I've made Chex mix many times and never had a problem with there not being enough butter to help the spices coat the mix. Be sure to use a big enough pan (I use a roaster) and be sure to mix well - from the bottom when stirring. You can always up the spices a bit, but the recipe as posted on the boxes of General Mills brand rice/corn or wheat chex has always seemed about right. We prefer a bit more Worcestershire. I smiled when you talked about making this healthier, all that salt makes me head to the refrig for a favorite beverage :beer:


----------



## gingameggs

I never thought about a butter spray, but I'll try that next time! Thanks! 


I actually used a roaster as well, and was stirring from the bottom, so I don't think that was my problem, but who knows if my stirring technique was really right or not, haha! As for the "healthier" aspect of it, I did actually change some of the spices in the original recipe to have less salt but still be flavorful. I do agree with the wanting a good drink with the usual recipe! Mainly, I have changed the mix a bit to what I like, but I just am not wanting to add more butter if I can help it, but I just don't feel like this batch (which is my first try to make this ever) had the flavor well distributed, and that the butter all just soaked up into part of it and not the rest. Oh well, I'll still eat this batch and try again some other time. Thanks for all the help though everyone! 

gingameggs


----------



## bubbamom

I just came across my old recipe for Chex Mix and noted that it didn't have garlic chips in, jiust cereal, nuts, and of course the butter and spices. Thinking about it, chips would probably absorbe a lot of the butter and spice, so perhaps you want to up the butter and spices by half?
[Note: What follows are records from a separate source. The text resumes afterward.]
(* For every natural number $n$, $$\Phi^*_n(x)=\prod_{\substack{d\mid n\\ \kappa(d)=\kappa(n)}}\Phi_d(x).$$ Equivalently, $\Phi^*_n(x)=\prod_{d\mid n/\kappa(n)}\Phi_{\kappa(n)}(x^d)$.
   Context: $\Phi_d(x)=\prod_{1\le j\le d,\ \gcd(j,d)=1}(x-\zeta_d^j)$ is the $d$-th cyclotomic polynomial, $\zeta_d=e^{2\pi i/d}$. A divisor $d$ of $n$ is unitary, $d\mid\mid n$, if $\gcd(d,n/d)=1$; $(j,n)_*=\max\{d: d\mid j,\ d\mid\mid n\}$; the unitary cyclotomic polynomial is $\Phi^*_n(x)=\prod_{1\le j\le n,\ (j,n)_*=1}(x-\zeta_n^j)$. $\kappa(n)=\prod_{p\mid n}p$ denotes the squarefree kernel of $n$ (with $\kappa(1)=1$). *)

From HB Require Import structures.
From mathcomp Require Import all_boot all_order all_algebra all_field.
Set Implicit Arguments. Unset Strict Implicit. Unset Printing Implicit Defensive.
Import Order.TTheory GRing.Theory Num.Theory.

Definition kappa (n : nat) : nat := \prod_(p <- primes n) p.

Definition unitary_dvd (d n : nat) : bool := (d %| n) && coprime d (n %/ d).

Definition ugcd (j n : nat) : nat :=
  \max_(d <- divisors n | unitary_dvd d n && (d %| j)) d.

Local Open Scope ring_scope.

(* Phi_d(x) = prod_{1<=j<=d, gcd(j,d)=1} (x - zeta_d^j), with zeta : nat -> algC
   a family of roots of unity (zeta d intended primitive d-th root). *)
Definition cycl (zeta : nat -> algC) (d : nat) : {poly algC} :=
  \prod_(1 <= j < d.+1 | coprime j d) ('X - (zeta d ^+ j)%:P).

Definition ucycl (zeta : nat -> algC) (n : nat) : {poly algC} :=
  \prod_(1 <= j < n.+1 | ugcd j n == 1%N) ('X - (zeta n ^+ j)%:P).

From HB Require Import structures.
From mathcomp Require Import all_boot all_order all_algebra all_field.

Set Implicit Arguments.
Unset Strict Implicit.
Unset Printing Implicit Defensive.

Import Order.TTheory GRing.Theory Num.Theory.

(* For a primitive n-th root z, the root z^j has order n/gcd(j,n), and (j,n)_* = 1
   exactly when no full prime power part n`_p of n divides j, i.e. when n/gcd(j,n)
   has the same prime divisors as n.  Grouping the roots of Phi*_n by their order
   therefore gives the product of the Phi_d over the divisors d of n with
   kappa(d) = kappa(n).  These d are the kappa(n) e with e | n/kappa(n); as every
   prime of e divides kappa(n), the residues mod kappa(n) e coprime to it are the
   j + kappa(n) i with j coprime to kappa(n), and factoring x^e - z^(je) over the
   e-th roots of unity yields Phi_kappa(n)(x^e) = Phi_(kappa(n) e)(x). *)

Lemma big_nat1_period (R : Type) (idx : R) (op : Monoid.com_law idx)
    (P : pred nat) (F : nat -> R) n :
  P n = P 0 -> F n = F 0 ->
  \big[op/idx]_(1 <= j < n.+1 | P j) F j = \big[op/idx]_(j < n | P j) F j.
Proof.
case: n => [|n] Pn Fn; first by rewrite big_geq // big_ord0.
rewrite big_add1 /= big_mkord big_mkcond [RHS]big_mkcond.
rewrite big_ord_recr big_ord_recl /= Pn Fn Monoid.mulmC.
by congr (op _ _); apply: eq_bigr => i _; rewrite /bump.
Qed.

Lemma big_coprime_divmod (R : Type) (idx : R) (op : Monoid.com_law idx)
    k d (G : nat -> R) :
  \big[op/idx]_(0 <= j < k | coprime j k) \big[op/idx]_(0 <= i < d) G (j + k * i)
    = \big[op/idx]_(0 <= m < k * d | coprime m k) G m.
Proof.
elim: d => [|d IHd]; first by rewrite muln0 [RHS]big_geq // big1 // => j _; rewrite big_geq.
under eq_bigr => j _ do rewrite big_nat_recr //=.
rewrite big_split /= IHd mulnS addnC [RHS](@big_cat_nat _ _ _ (k * d)) ?leq_addr //=.
congr (op _ _); rewrite -[in RHS](add0n (k * d)) big_addn add0n addKn.
by apply: eq_bigl => j; rewrite -[RHS]coprime_modl addnC mulnC modnMDl coprime_modl.
Qed.

Lemma eqn_div_gcdMl q k d : 0 < q -> 0 < d ->
  (q * d %/ gcdn (q * k) (q * d) == d) = coprime k d.
Proof.
move=> q_gt0 d_gt0; have g_gt0 : 0 < gcdn k d by rewrite gcdn_gt0 d_gt0 orbT.
rewrite -muln_gcdr divnMl // eq_sym eqn_div ?dvdn_gcdr //.
by rewrite -[X in _ == X]muln1 eqn_pmul2l.
Qed.

Lemma coprimeMr_pnat m k d : 0 < k -> \pi(k).-nat d -> coprime m (k * d) = coprime m k.
Proof.
move=> k_gt0 d_nat; rewrite coprimeMr; case co_mk: (coprime m k) => //=.
have d_gt0 : 0 < d by case/andP: d_nat.
have g_gt0 : 0 < gcdn m d by rewrite gcdn_gt0 d_gt0 orbT.
apply/eqP/(@pnat_1 \pi(k)); first exact: pnat_dvd (dvdn_gcdr m d) d_nat.
by rewrite -coprime_pi' // coprime_sym (coprime_dvdl (dvdn_gcdl m d)).
Qed.

Lemma prime_dvd_kappa p n : prime p -> (p %| kappa n) = (p \in primes n).
Proof.
move=> p_pr; rewrite /kappa Euclid_dvd_prod // big_has.
apply/hasP/idP => [[q q_n] | p_n]; last by exists p.
have q_pr : prime q by move: q_n; rewrite mem_primes => /andP[].
by rewrite dvdn_prime2 // => /eqP->.
Qed.

Lemma kappa_gt0 n : 0 < kappa n.
Proof.
by rewrite /kappa big_seq; apply: prodn_cond_gt0 => p /(allP (all_prime_primes n))/prime_gt0.
Qed.

Lemma primes_kappa n : primes (kappa n) = primes n.
Proof.
apply/eq_primes => p; rewrite mem_primes kappa_gt0 /=.
by case p_pr: (prime p); [rewrite prime_dvd_kappa | rewrite mem_primes p_pr].
Qed.

Lemma eqn_kappa m n : (kappa m == kappa n) = (primes m == primes n).
Proof.
apply/eqP/eqP => [eq_k | eq_p]; last by rewrite /kappa eq_p.
by rewrite -[primes m]primes_kappa eq_k primes_kappa.
Qed.

Lemma kappa_dvdn n : kappa n %| n.
Proof.
have [-> // | n_gt0] := posnP n.
rewrite {2}(prod_prime_decomp n_gt0) prime_decompE big_map /kappa big_seq [X in _ %| X]big_seq.
apply: (big_ind2 (fun a b => a %| b)) => // [*|p p_n]; first exact: dvdn_mul.
by rewrite -{1}(expn1 p) dvdn_exp2l // logn_gt0.
Qed.

Lemma unitary_dvd_p_part p n : unitary_dvd n`_p n.
Proof.
rewrite /unitary_dvd dvdn_part; have [-> | n_gt0] := posnP n; first by rewrite partn0.
by rewrite -{2}(partnC p n_gt0) mulKn ?part_gt0 // coprime_partC.
Qed.

Lemma p_part_dvdn_unitary p d n : 0 < n -> unitary_dvd d n -> p %| d -> n`_p %| d.
Proof.
move=> n_gt0 /andP[d_n d_co] p_d.
have d_gt0 : 0 < d := dvdn_gt0 n_gt0 d_n.
have nd_gt0 : 0 < n %/ d by rewrite divn_gt0 // dvdn_leq.
have p'nd : p \notin \pi(n %/ d).
  apply/negP; rewrite /= mem_primes => /and3P[p_pr _ p_nd].
  by have := coprime_dvdl p_d d_co; rewrite prime_coprime // p_nd.
have -> : n = d * (n %/ d) by rewrite mulnC divnK.
by rewrite partnM // (eqP (etrans (p_part_eq1 _ _) p'nd)) muln1 dvdn_part.
Qed.

Lemma ugcd_eq1 j n : 0 < n ->
  (ugcd j n == 1) = all (fun p : nat => ~~ (n`_p %| j)) (primes n).
Proof.
move=> n_gt0; have one_le : 1 <= ugcd j n.
  apply: (@leq_bigmax_seq _ _ _ id 1 (divisor1 n)).
  by rewrite /unitary_dvd dvd1n coprime1n dvd1n.
rewrite eqn_leq one_le andbT; apply/bigmax_leqP_seq/allP => [small p p_n | no_part d].
  apply/negP => np_j; have := small _ _ (introT andP (conj (unitary_dvd_p_part p n) np_j)).
  by rewrite -dvdn_divisors ?dvdn_part // leqNgt p_part_gt1 => /(_ isT)/negP.
rewrite -dvdn_divisors // => d_n /andP[d_unit d_j]; rewrite leqNgt; apply/negP => d_gt1.
have p_n : pdiv d \in primes n.
  by rewrite mem_primes pdiv_prime // n_gt0 (dvdn_trans (pdiv_dvd d)).
have := no_part _ p_n; rewrite (dvdn_trans _ d_j) //.
exact: p_part_dvdn_unitary (pdiv_dvd d).
Qed.

Lemma p_part_dvdn_gcd p j n : prime p -> 0 < n ->
  (n`_p %| j) = (p \notin primes (n %/ gcdn j n)).
Proof.
move=> p_pr n_gt0; have g_gt0 : 0 < gcdn j n by rewrite gcdn_gt0 n_gt0 orbT.
rewrite -(andbT (_ %| j)) -(dvdn_part p n) -dvdn_gcd p_part pfactor_dvdn //.
by rewrite -logn_gt0 logn_div ?dvdn_gcdr // subn_gt0 -leqNgt.
Qed.

Lemma ugcd_eq1_kappa j n : 0 < n -> (ugcd j n == 1) = (kappa (n %/ gcdn j n) == kappa n).
Proof.
move=> n_gt0; rewrite ugcd_eq1 // eqn_kappa.
have sub_n : {subset primes (n %/ gcdn j n) <= primes n}.
  move=> p; rewrite !mem_primes n_gt0 => /and3P[-> _ /dvdn_trans]; apply.
  exact/dvdn_div/dvdn_gcdr.
rewrite (eq_in_all (a2 := mem (primes (n %/ gcdn j n)))) => [|p]; last first.
  by rewrite mem_primes => /andP[p_pr _]; rewrite p_part_dvdn_gcd ?negbK.
apply/allP/eqP => [n_sub | ->] //; apply/eq_primes => p.
by apply/idP/idP => [/sub_n | /n_sub].
Qed.

Lemma perm_divisors_kappa n : 0 < n ->
  perm_eq [seq e <- divisors n | kappa e == kappa n]
          [seq kappa n * d | d <- divisors (n %/ kappa n)].
Proof.
move=> n_gt0; set K := kappa n; have K_gt0 : 0 < K := kappa_gt0 n.
have K_n : K %| n := kappa_dvdn n.
have nK_gt0 : 0 < n %/ K by rewrite divn_gt0 // dvdn_leq.
apply: uniq_perm; first exact/filter_uniq/divisors_uniq.
  by rewrite map_inj_uniq ?divisors_uniq // => a b /eqP; rewrite eqn_pmul2l // => /eqP.
move=> e; rewrite mem_filter -dvdn_divisors //; apply/andP/mapP => [[/eqP kappa_e e_n] | [d]].
  have K_e : K %| e by rewrite -kappa_e kappa_dvdn.
  exists (e %/ K); last by rewrite mulnC divnK.
  by rewrite -dvdn_divisors // -(dvdn_pmul2l K_gt0) !(mulnC K) !divnK.
rewrite -dvdn_divisors // => d_nK ->.
have d_gt0 : 0 < d := dvdn_gt0 nK_gt0 d_nK.
have Kd_n : K * d %| n by rewrite -(divnK K_n) mulnC dvdn_pmul2r.
split=> //; rewrite eqn_kappa; apply/eqP/eq_primes => p.
rewrite primesM // primes_kappa; apply/orP/idP => [[// | ] | ]; last by left.
rewrite !mem_primes n_gt0 d_gt0 => /and3P[-> _ p_d].
by rewrite (dvdn_trans p_d (dvdn_trans d_nK (dvdn_div K_n))).
Qed.

Lemma pnat_kappa_dvdn d n : 0 < n -> d %| n -> \pi(kappa n).-nat d.
Proof.
move=> n_gt0 d_n; rewrite (eq_pnat _ (_ : \pi(kappa n) =i \pi(n))) => [|p].
  exact: pnat_dvd d_n (pnat_pi n_gt0).
by rewrite !inE /= primes_kappa.
Qed.

Local Open Scope ring_scope.

Lemma factor_Xn_subC (F : fieldType) d (w c : F) : d.-primitive_root w -> c != 0 ->
  \prod_(0 <= i < d) ('X - (c * w ^+ i)%:P) = 'X^d - (c ^+ d)%:P.
Proof.
move=> prim_w c_neq0.
rewrite (eq_bigr (fun i => c *: (('X - (w ^+ i)%:P) \Po (c^-1 *: 'X)))) => [|i _]; last first.
  by rewrite comp_polyB comp_polyX comp_polyC scalerBr scalerA mulfV // scale1r scale_polyC.
rewrite scaler_prod prodr_const_nat subn0 -rmorph_prod /= (factor_Xn_sub_1 prim_w).
rewrite comp_polyB comp_polyC rmorphXn /= comp_polyX exprZn scalerBr scalerA -exprMn.
by rewrite mulfV // expr1n scale1r scale_polyC mulr1.
Qed.

Lemma cyclotomic_nat (R : nzRingType) (z : R) n :
  cyclotomic z n = \prod_(0 <= k < n | coprime k n) ('X - (z ^+ k)%:P).
Proof. by rewrite big_mkord. Qed.

Lemma prod_XsubC_order_eq (R : comNzRingType) n (z : R) d :
    n.-primitive_root z -> (d %| n)%N ->
  \prod_(k < n | (n %/ gcdn k n == d)%N) ('X - (z ^+ k)%:P) = cyclotomic (z ^+ (n %/ d)) d.
Proof.
move=> prim_z d_n; have n_gt0 := prim_order_gt0 prim_z.
set q := (n %/ d)%N; have def_n : n = (q * d)%N by rewrite divnK.
have [q_gt0 d_gt0] : (0 < q /\ 0 < d)%N by apply/andP; rewrite -muln_gt0 -def_n.
have mulq_lt (k : 'I_d) : (q * k < n)%N by rewrite def_n ltn_pmul2l.
have divq_lt (k : 'I_n) : (k %/ q < d)%N by rewrite ltn_divLR // mulnC -def_n.
rewrite (reindex (fun k : 'I_d => Ordinal (mulq_lt k))) /=; last first.
  exists (fun k : 'I_n => Ordinal (divq_lt k)) => [k _ | k].
    by apply: val_inj; rewrite /= mulKn.
  rewrite inE => /eqP k_fiber; apply: val_inj; rewrite /= mulnC divnK //.
  have g_n : (gcdn k n %| n)%N := dvdn_gcdr k n.
  suff -> : q = gcdn k n by apply: dvdn_gcdl.
  by apply/esym/eqP; rewrite eqn_div // -k_fiber mulnC divnK.
rewrite /cyclotomic; apply: eq_big => k; first by rewrite {1 2}def_n eqn_div_gcdMl.
by rewrite exprM.
Qed.

Lemma prod_XsubC_order_filter (R : comNzRingType) n (z : R) (Q : pred nat) :
    n.-primitive_root z ->
  \prod_(k < n | Q (n %/ gcdn k n)%N) ('X - (z ^+ k)%:P)
    = \prod_(d <- divisors n | Q d) cyclotomic (z ^+ (n %/ d)) d.
Proof.
move=> prim_z; have n_gt0 := prim_order_gt0 prim_z.
rewrite [RHS]big_seq_cond.
under eq_bigr => d /andP[d_n _] do rewrite -prod_XsubC_order_eq ?dvdn_divisors //.
rewrite -big_seq_cond (exchange_big_dep predT) //= [LHS]big_mkcond; apply: eq_bigr => k _.
have k_n : (n %/ gcdn k n)%N \in divisors n by rewrite -dvdn_divisors ?dvdn_div ?dvdn_gcdr.
rewrite (eq_bigl (fun d => pred1 (n %/ gcdn k n)%N d && Q d)) => [|d]; last first.
  by rewrite andbC eq_sym.
by rewrite -big_filter_cond filter_pred1_uniq ?divisors_uniq // big_cons big_nil mulr1.
Qed.

Lemma cyclotomic_comp_Xn (F : fieldType) k d (u : F) :
    (k * d).-primitive_root u -> \pi(k).-nat d ->
  cyclotomic (u ^+ d) k \Po 'X^d = cyclotomic u (k * d).
Proof.
move=> prim_u d_nat; have := prim_order_gt0 prim_u; rewrite muln_gt0 => /andP[k_gt0 d_gt0].
have prim_uk : d.-primitive_root (u ^+ k).
  by have := dvdn_prim_root prim_u (dvdn_mull k (dvdnn d)); rewrite mulnK.
have u_neq0 : u != 0 by rewrite (prim_root_eq0 prim_u) -lt0n muln_gt0 k_gt0.
rewrite !cyclotomic_nat rmorph_prod /=.
under eq_bigr => j _ do rewrite comp_polyB comp_polyX comp_polyC -exprM mulnC exprM
  -(factor_Xn_subC prim_uk) ?expf_neq0 //.
under eq_bigr => j _ do under eq_bigr => i _ do rewrite -exprM -exprD.
rewrite (big_coprime_divmod _ k d (fun m => 'X - (u ^+ m)%:P)).
by apply: eq_bigl => m; rewrite coprimeMr_pnat.
Qed.

Lemma cycl_cyclotomic (zeta : nat -> algC) d w :
  d.-primitive_root (zeta d) -> d.-primitive_root w -> cycl zeta d = cyclotomic w d.
Proof.
move=> prim_zd prim_w; rewrite -(Cintr_Cyclotomic prim_w) (Cintr_Cyclotomic prim_zd).
rewrite /cycl big_nat1_period ?expr0 ?prim_expr_order //.
by rewrite /coprime gcdnn gcd0n.
Qed.

Lemma cycl_comp_Xn (zeta : nat -> algC) k d :
    k.-primitive_root (zeta k) -> (k * d).-primitive_root (zeta (k * d)%N) ->
    \pi(k).-nat d ->
  cycl zeta k \Po 'X^d = cycl zeta (k * d).
Proof.
move=> prim_k prim_kd d_nat; have prim_kd_d := dvdn_prim_root prim_kd (dvdn_mulr d (dvdnn k)).
rewrite mulKn ?(prim_order_gt0 prim_k) // in prim_kd_d.
rewrite (cycl_cyclotomic prim_k prim_kd_d) (cycl_cyclotomic prim_kd prim_kd).
exact: cyclotomic_comp_Xn.
Qed.

Lemma ucycl_kappa (zeta : nat -> algC) n : n.-primitive_root (zeta n) ->
  ucycl zeta n = \prod_(k < n | kappa (n %/ gcdn k n) == kappa n) ('X - (zeta n ^+ k)%:P).
Proof.
move=> prim_z; have n_gt0 := prim_order_gt0 prim_z.
rewrite /ucycl (eq_bigl _ _ (fun j => ugcd_eq1_kappa j n_gt0)) big_nat1_period //.
  by rewrite gcdnn gcd0n.
by rewrite prim_expr_order ?expr0.
Qed.

Theorem theorem3p1 (zeta : nat -> algC)
  (hzeta : forall d : nat, (0 < d)%N -> d.-primitive_root (zeta d))
  (n : nat) (hn : (0 < n)%N) :
  ucycl zeta n = \prod_(d <- divisors n | kappa d == kappa n) cycl zeta d
  /\ ucycl zeta n = \prod_(d <- divisors (n %/ kappa n)) (cycl zeta (kappa n) \Po 'X^d).
Proof.
have prim_zn := hzeta n hn.
have ucycl_div : ucycl zeta n = \prod_(d <- divisors n | kappa d == kappa n) cycl zeta d.
  rewrite ucycl_kappa // (prod_XsubC_order_filter (fun d => kappa d == kappa n) prim_zn).
  rewrite big_seq_cond [RHS]big_seq_cond; apply: eq_bigr => d /andP[d_n _].
  rewrite -dvdn_divisors // in d_n.
  by rewrite (cycl_cyclotomic (hzeta d (dvdn_gt0 hn d_n)) (dvdn_prim_root prim_zn d_n)).
split=> //; rewrite ucycl_div -big_filter (perm_big _ (perm_divisors_kappa hn)) big_map.
have K_gt0 := kappa_gt0 n; have K_n := kappa_dvdn n.
have nK_gt0 : (0 < n %/ kappa n)%N by rewrite divn_gt0 // dvdn_leq.
apply: eq_big_seq => d; rewrite -dvdn_divisors // => d_nK.
have d_n : (d %| n)%N := dvdn_trans d_nK (dvdn_div K_n).
by rewrite cycl_comp_Xn ?pnat_kappa_dvdn // hzeta // muln_gt0 K_gt0 (dvdn_gt0 nK_gt0 d_nK).
Qed.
In my old recipe, the amounts were:

6T butter
1 tsp seasoned salt
4 tsp Worcestershire
2 C each of the cereal (corn, rice and wheat)
1/4 C nuts.

Hope this helps!


----------



## gummy-bear

I love the cheddar Chex-Mix. How would I make an un-soggy cheddar coating for some Chex-mix?


----------



## rtd2

I like making my Chex Mix using all ingredients listed except I add about 3/4 Cup dark brown sugar to the mix. Cook it until well blended and pour over the cereal, nuts, and I also use the Pinah rye chips with the garlic flavor. It makes for a sweet/spice/salty taste.


----------



## gingameggs

Thanks you guys for all the helpful hints! The brown sugar addition sounds yummy for an extra hint of sweetness! I'll be making another batch soon, so I'll give some of your tips a try!  Thanks!


----------



## chefboyofdees

One of the ways I like to make it...instead of measuring out Wheat...Rice...Corn Chex etc...is to buy large boxes of Crispx (usually at Sams Club or Costco)...these are, if you are not familiar with them...rice on one side and corn on the other, but just the same makeup as the Chex cereals. As one afflicted with Crohn's, I can tolerate this much better than doing it the "traditional" way. Just a suggestion...give it a go!


----------



## stneeley

I used a cheddar cheese popcorn coating.  Just sprinkle on after mix is finished.


----------



## stneeley

I mix the wet ingredients with spices in a measuring cup together and place cereal and nuts in a jumbo baggie.  I pour over the cereal and shake and turn bag to coat pieces.  I pour this mix into a large roaster and cook and stir every 15 minutes per the directions.  I have to admit though, right before I place in the oven I shake some extra worchestershire over all.


----------



## maryb

I double the Worcestershire sauce and the seasoning salt, and use mixed nuts instead of peanuts. Skip the pretzels and other things, just the Chex cereal and nuts. I am a salt addict so...


----------